[Your assignment]
In the records below, begin at the line that has "Let R0_powR : R0" and stop after the line that has "move=> /andP[r0 r1] rz;"; quote those lines verbatim and nothing more.

[Saved entries]
==*==

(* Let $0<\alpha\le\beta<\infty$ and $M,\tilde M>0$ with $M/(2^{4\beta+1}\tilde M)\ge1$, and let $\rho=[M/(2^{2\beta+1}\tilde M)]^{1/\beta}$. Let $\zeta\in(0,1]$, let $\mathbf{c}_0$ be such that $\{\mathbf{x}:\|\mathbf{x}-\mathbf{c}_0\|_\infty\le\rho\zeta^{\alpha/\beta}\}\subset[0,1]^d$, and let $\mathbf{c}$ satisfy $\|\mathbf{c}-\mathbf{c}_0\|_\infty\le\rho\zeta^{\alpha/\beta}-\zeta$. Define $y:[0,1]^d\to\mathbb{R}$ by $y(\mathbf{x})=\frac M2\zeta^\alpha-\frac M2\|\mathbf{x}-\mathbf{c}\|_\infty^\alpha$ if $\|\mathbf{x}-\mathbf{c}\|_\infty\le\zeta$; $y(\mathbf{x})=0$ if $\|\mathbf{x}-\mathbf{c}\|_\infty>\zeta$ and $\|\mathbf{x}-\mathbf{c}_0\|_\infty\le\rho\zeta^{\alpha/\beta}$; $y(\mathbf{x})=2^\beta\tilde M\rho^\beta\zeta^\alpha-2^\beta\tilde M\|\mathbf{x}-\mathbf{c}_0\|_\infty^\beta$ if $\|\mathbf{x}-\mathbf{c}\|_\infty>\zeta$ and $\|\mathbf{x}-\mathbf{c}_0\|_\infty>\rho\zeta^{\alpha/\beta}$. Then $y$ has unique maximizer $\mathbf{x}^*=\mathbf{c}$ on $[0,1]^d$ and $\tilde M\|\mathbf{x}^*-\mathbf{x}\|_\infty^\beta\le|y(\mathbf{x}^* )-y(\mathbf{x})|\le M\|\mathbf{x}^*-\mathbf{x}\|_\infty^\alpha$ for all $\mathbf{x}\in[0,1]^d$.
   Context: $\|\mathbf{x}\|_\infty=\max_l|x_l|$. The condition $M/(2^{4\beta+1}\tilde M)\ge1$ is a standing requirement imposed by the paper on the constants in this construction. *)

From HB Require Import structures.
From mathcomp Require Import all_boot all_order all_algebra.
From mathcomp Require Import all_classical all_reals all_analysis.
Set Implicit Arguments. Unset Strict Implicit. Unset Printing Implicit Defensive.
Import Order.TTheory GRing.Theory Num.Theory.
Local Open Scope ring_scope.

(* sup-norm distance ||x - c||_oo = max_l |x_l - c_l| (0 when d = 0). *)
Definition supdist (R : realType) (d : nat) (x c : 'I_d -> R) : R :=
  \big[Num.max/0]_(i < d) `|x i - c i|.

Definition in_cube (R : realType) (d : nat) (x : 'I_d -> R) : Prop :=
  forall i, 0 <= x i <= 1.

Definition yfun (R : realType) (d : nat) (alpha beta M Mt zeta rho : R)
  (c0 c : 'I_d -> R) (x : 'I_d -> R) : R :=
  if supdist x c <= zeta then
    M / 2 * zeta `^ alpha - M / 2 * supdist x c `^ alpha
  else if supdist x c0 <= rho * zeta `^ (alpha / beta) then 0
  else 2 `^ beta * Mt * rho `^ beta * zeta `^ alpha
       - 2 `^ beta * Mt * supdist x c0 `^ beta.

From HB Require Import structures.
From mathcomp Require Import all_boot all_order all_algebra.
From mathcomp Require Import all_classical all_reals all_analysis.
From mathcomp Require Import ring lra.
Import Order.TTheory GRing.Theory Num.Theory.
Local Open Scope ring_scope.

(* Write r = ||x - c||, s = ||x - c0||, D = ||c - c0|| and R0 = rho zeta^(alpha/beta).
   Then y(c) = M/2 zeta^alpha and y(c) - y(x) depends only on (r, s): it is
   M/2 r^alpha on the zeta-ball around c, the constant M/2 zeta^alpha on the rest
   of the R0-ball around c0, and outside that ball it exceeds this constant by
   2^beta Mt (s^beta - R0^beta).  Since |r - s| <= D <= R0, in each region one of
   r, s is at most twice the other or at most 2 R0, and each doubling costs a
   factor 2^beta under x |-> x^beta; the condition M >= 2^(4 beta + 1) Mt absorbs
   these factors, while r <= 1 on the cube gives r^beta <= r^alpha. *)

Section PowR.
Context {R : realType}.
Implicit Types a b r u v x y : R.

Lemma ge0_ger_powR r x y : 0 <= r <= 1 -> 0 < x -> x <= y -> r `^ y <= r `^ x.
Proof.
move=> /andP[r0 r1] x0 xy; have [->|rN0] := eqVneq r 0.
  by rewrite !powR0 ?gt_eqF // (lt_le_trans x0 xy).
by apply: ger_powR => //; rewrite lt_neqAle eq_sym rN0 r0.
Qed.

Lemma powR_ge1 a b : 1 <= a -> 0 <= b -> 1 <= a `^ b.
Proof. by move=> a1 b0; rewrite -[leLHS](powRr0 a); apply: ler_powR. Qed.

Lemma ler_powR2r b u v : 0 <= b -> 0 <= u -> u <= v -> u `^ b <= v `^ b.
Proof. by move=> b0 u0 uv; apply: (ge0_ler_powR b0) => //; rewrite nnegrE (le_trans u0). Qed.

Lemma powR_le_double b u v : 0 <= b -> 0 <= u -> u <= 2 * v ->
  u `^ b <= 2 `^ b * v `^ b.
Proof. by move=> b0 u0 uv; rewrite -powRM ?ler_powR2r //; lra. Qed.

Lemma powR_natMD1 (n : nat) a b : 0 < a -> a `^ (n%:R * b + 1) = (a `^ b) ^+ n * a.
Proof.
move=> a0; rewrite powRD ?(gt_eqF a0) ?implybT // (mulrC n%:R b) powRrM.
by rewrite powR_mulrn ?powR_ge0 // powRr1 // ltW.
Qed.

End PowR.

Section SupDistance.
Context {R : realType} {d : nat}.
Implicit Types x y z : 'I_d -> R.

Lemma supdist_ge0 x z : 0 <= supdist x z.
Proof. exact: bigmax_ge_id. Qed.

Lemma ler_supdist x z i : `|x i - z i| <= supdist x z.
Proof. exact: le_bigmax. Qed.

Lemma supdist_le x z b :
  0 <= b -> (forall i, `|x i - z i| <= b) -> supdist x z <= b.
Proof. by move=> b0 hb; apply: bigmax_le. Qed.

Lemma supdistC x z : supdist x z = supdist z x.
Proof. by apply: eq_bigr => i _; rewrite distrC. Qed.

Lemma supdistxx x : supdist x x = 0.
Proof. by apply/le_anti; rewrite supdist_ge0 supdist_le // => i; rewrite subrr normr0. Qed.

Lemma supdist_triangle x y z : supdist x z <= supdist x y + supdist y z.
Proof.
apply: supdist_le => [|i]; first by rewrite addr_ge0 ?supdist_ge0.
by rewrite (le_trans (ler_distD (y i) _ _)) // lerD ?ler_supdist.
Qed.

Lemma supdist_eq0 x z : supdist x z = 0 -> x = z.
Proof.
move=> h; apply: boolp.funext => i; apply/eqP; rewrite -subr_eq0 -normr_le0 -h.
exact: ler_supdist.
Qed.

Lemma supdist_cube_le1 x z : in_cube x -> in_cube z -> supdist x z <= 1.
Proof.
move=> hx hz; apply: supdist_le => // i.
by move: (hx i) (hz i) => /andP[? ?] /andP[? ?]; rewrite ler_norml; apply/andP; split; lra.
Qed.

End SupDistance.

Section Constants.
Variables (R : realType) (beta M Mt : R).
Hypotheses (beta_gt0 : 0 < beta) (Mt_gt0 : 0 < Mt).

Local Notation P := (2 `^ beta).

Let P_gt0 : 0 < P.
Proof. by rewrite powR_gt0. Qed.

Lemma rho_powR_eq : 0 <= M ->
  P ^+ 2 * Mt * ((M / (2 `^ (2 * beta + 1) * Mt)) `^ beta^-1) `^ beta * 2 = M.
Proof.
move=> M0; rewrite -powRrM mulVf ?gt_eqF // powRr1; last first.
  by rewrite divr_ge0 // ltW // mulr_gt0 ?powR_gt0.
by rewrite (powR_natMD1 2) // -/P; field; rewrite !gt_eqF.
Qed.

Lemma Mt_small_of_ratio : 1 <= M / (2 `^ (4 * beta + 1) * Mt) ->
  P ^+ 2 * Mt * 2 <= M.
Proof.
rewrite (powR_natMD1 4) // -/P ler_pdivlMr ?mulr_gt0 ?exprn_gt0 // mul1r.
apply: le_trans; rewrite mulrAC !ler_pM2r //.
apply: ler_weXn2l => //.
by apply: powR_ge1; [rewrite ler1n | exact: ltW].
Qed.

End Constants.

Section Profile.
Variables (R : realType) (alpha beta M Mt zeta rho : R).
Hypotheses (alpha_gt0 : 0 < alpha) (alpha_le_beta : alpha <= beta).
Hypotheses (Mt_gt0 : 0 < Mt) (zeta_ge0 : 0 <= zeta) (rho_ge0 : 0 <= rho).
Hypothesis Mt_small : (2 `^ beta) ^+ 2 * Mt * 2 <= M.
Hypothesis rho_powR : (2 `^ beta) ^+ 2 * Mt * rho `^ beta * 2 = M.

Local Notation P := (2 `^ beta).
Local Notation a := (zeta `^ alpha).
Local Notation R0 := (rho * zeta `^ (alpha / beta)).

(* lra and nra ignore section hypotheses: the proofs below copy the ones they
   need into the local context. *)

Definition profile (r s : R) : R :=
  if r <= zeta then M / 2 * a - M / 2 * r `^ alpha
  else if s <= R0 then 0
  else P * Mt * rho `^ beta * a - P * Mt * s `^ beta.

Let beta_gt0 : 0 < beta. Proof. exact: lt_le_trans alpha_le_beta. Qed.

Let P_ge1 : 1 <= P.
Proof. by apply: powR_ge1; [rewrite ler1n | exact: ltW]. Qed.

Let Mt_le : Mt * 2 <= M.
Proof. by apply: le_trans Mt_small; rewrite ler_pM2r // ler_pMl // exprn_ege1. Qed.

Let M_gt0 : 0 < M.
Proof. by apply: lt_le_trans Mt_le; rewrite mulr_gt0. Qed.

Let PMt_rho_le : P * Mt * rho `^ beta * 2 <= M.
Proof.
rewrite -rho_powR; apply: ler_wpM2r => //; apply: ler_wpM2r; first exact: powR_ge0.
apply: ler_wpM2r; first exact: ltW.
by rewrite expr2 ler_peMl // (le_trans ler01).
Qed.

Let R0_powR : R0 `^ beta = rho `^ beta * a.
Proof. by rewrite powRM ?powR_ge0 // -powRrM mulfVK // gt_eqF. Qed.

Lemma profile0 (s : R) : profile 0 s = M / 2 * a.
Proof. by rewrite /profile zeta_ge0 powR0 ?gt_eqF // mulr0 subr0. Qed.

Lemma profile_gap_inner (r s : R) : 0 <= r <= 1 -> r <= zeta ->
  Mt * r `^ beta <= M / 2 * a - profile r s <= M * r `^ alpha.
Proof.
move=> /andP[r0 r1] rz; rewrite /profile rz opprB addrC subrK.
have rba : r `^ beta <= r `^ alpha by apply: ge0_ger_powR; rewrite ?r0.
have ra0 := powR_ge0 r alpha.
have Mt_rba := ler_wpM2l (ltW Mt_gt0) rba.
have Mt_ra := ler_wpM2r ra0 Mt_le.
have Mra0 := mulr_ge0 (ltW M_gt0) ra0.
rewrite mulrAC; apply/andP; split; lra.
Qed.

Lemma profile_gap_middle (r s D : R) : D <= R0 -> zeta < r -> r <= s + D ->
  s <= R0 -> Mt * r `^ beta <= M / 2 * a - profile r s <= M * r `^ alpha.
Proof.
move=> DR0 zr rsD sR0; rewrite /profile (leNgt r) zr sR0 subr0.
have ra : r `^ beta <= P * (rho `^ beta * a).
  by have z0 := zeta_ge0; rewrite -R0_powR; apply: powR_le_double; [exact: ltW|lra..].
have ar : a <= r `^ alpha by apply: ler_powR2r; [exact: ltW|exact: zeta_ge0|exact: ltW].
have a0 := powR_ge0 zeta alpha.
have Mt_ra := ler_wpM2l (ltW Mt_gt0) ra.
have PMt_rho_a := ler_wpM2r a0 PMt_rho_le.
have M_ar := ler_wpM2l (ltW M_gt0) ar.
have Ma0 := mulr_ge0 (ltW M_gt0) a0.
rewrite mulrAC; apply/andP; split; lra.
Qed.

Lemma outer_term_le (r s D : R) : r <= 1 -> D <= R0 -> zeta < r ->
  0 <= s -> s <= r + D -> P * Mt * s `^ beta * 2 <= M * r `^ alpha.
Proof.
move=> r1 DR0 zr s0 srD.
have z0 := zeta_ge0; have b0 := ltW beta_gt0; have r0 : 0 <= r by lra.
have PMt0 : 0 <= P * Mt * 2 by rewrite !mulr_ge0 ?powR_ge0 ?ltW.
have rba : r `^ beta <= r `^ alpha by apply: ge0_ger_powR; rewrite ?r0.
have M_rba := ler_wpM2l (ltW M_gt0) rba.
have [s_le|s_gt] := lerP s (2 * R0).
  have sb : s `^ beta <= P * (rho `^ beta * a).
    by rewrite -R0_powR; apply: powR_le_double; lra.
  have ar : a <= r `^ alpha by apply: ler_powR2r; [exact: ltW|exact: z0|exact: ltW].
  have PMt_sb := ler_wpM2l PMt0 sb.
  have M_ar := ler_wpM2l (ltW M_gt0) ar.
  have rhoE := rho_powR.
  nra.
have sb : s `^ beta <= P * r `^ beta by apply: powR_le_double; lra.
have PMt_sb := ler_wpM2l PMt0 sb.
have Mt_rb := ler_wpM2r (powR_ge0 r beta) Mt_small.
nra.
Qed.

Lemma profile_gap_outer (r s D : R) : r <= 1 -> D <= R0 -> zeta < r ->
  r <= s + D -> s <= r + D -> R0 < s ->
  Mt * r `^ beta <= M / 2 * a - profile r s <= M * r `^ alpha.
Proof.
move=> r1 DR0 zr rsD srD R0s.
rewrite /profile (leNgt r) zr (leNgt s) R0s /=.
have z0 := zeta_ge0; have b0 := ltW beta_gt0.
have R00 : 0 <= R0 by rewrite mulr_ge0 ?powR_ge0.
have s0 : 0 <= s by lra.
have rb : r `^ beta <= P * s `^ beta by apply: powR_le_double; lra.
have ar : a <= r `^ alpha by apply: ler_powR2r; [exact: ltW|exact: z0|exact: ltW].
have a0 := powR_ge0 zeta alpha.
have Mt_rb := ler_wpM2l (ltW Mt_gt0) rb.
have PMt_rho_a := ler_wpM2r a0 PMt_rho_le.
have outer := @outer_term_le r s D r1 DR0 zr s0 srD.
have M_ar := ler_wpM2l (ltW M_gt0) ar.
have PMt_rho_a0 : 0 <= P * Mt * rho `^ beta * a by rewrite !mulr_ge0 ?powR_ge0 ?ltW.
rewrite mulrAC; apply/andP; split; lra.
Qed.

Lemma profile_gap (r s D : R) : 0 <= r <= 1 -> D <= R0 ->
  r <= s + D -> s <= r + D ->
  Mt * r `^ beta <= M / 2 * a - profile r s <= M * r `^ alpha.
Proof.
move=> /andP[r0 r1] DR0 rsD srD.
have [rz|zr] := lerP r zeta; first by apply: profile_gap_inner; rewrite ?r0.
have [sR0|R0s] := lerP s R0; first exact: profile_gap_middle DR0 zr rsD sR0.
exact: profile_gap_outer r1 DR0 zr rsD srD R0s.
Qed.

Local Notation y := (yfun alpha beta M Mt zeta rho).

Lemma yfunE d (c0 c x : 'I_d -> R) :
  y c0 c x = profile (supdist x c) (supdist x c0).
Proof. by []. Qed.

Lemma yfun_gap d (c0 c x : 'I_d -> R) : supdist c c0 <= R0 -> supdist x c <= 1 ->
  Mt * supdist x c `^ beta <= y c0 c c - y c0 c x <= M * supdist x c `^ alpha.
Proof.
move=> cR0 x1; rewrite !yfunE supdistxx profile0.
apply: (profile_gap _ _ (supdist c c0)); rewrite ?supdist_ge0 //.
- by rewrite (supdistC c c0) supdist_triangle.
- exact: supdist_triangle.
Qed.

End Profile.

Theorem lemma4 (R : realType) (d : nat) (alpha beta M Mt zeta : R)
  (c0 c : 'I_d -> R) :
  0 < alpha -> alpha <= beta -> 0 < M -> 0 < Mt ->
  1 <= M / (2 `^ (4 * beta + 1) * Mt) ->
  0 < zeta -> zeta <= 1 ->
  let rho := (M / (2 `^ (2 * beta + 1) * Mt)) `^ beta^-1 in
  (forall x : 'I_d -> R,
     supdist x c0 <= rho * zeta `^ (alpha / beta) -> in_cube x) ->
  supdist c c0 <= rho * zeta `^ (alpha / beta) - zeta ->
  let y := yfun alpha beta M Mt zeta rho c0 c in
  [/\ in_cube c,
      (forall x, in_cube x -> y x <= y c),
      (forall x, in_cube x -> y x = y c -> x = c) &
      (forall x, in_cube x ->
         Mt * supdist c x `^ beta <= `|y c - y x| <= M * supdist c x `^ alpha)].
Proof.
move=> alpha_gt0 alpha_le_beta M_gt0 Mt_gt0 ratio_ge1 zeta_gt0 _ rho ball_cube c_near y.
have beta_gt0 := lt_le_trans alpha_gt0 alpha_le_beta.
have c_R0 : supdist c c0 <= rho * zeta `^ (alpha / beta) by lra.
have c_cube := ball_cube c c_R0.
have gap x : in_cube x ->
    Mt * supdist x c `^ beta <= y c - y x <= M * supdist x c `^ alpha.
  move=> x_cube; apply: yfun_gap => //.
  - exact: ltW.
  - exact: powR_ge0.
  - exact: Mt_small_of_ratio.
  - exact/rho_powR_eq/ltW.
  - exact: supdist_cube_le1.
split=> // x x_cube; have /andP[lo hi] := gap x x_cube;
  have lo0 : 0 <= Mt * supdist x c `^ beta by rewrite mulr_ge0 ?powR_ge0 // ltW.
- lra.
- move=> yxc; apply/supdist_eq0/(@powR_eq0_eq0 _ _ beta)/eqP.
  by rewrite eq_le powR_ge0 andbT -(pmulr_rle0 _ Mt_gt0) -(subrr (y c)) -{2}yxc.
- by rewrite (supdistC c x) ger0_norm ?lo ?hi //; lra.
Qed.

==*==

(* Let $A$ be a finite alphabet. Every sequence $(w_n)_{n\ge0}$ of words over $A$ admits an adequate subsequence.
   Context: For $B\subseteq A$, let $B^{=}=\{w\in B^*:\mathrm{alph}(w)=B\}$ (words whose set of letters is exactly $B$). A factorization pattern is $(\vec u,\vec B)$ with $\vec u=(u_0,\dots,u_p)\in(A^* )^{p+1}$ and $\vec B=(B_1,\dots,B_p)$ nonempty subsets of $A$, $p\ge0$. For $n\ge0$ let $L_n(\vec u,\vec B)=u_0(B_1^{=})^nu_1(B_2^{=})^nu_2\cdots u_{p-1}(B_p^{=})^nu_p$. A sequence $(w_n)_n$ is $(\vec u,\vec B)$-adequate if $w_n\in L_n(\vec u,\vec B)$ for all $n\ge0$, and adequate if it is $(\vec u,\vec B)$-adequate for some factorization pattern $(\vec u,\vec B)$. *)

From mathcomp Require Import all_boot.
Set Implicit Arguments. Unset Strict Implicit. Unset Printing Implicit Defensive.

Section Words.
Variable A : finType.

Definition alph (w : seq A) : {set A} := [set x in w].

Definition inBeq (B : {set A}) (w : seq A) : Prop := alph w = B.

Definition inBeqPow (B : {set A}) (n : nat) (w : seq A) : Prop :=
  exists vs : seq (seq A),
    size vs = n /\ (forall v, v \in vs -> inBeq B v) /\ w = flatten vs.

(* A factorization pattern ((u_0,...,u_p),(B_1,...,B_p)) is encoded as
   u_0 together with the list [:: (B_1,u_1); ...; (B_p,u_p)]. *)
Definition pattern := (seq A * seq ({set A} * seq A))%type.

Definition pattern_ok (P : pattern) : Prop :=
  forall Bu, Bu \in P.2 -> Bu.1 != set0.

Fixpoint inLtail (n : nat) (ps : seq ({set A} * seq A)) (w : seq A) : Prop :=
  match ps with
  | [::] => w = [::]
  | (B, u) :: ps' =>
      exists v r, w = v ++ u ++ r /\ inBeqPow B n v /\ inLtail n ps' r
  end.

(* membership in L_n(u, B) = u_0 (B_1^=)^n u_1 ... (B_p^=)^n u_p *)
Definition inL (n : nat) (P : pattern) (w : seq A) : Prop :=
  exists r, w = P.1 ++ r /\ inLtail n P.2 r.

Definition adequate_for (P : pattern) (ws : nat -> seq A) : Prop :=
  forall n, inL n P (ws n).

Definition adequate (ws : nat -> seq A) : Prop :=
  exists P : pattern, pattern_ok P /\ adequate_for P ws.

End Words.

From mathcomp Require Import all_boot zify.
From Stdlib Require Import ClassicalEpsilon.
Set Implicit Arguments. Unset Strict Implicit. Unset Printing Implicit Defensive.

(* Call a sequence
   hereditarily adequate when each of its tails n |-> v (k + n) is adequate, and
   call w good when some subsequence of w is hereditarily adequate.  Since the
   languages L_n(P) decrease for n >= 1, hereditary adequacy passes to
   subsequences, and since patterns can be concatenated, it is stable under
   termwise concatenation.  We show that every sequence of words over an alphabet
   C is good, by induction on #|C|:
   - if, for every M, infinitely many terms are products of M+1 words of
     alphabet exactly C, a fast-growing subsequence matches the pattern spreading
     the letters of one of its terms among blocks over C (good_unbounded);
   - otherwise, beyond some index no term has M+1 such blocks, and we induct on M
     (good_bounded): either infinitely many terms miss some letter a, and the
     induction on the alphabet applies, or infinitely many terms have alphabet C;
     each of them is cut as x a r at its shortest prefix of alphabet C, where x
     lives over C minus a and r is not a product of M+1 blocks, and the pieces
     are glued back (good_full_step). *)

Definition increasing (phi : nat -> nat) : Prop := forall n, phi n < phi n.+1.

==*==

[Response]
Let R0_powR : R0 `^ beta = rho `^ beta * a.
Proof. by rewrite powRM ?powR_ge0 // -powRrM mulfVK // gt_eqF. Qed.

Lemma profile0 (s : R) : profile 0 s = M / 2 * a.
Proof. by rewrite /profile zeta_ge0 powR0 ?gt_eqF // mulr0 subr0. Qed.

Lemma profile_gap_inner (r s : R) : 0 <= r <= 1 -> r <= zeta ->
  Mt * r `^ beta <= M / 2 * a - profile r s <= M * r `^ alpha.
Proof.
move=> /andP[r0 r1] rz; rewrite /profile rz opprB addrC subrK.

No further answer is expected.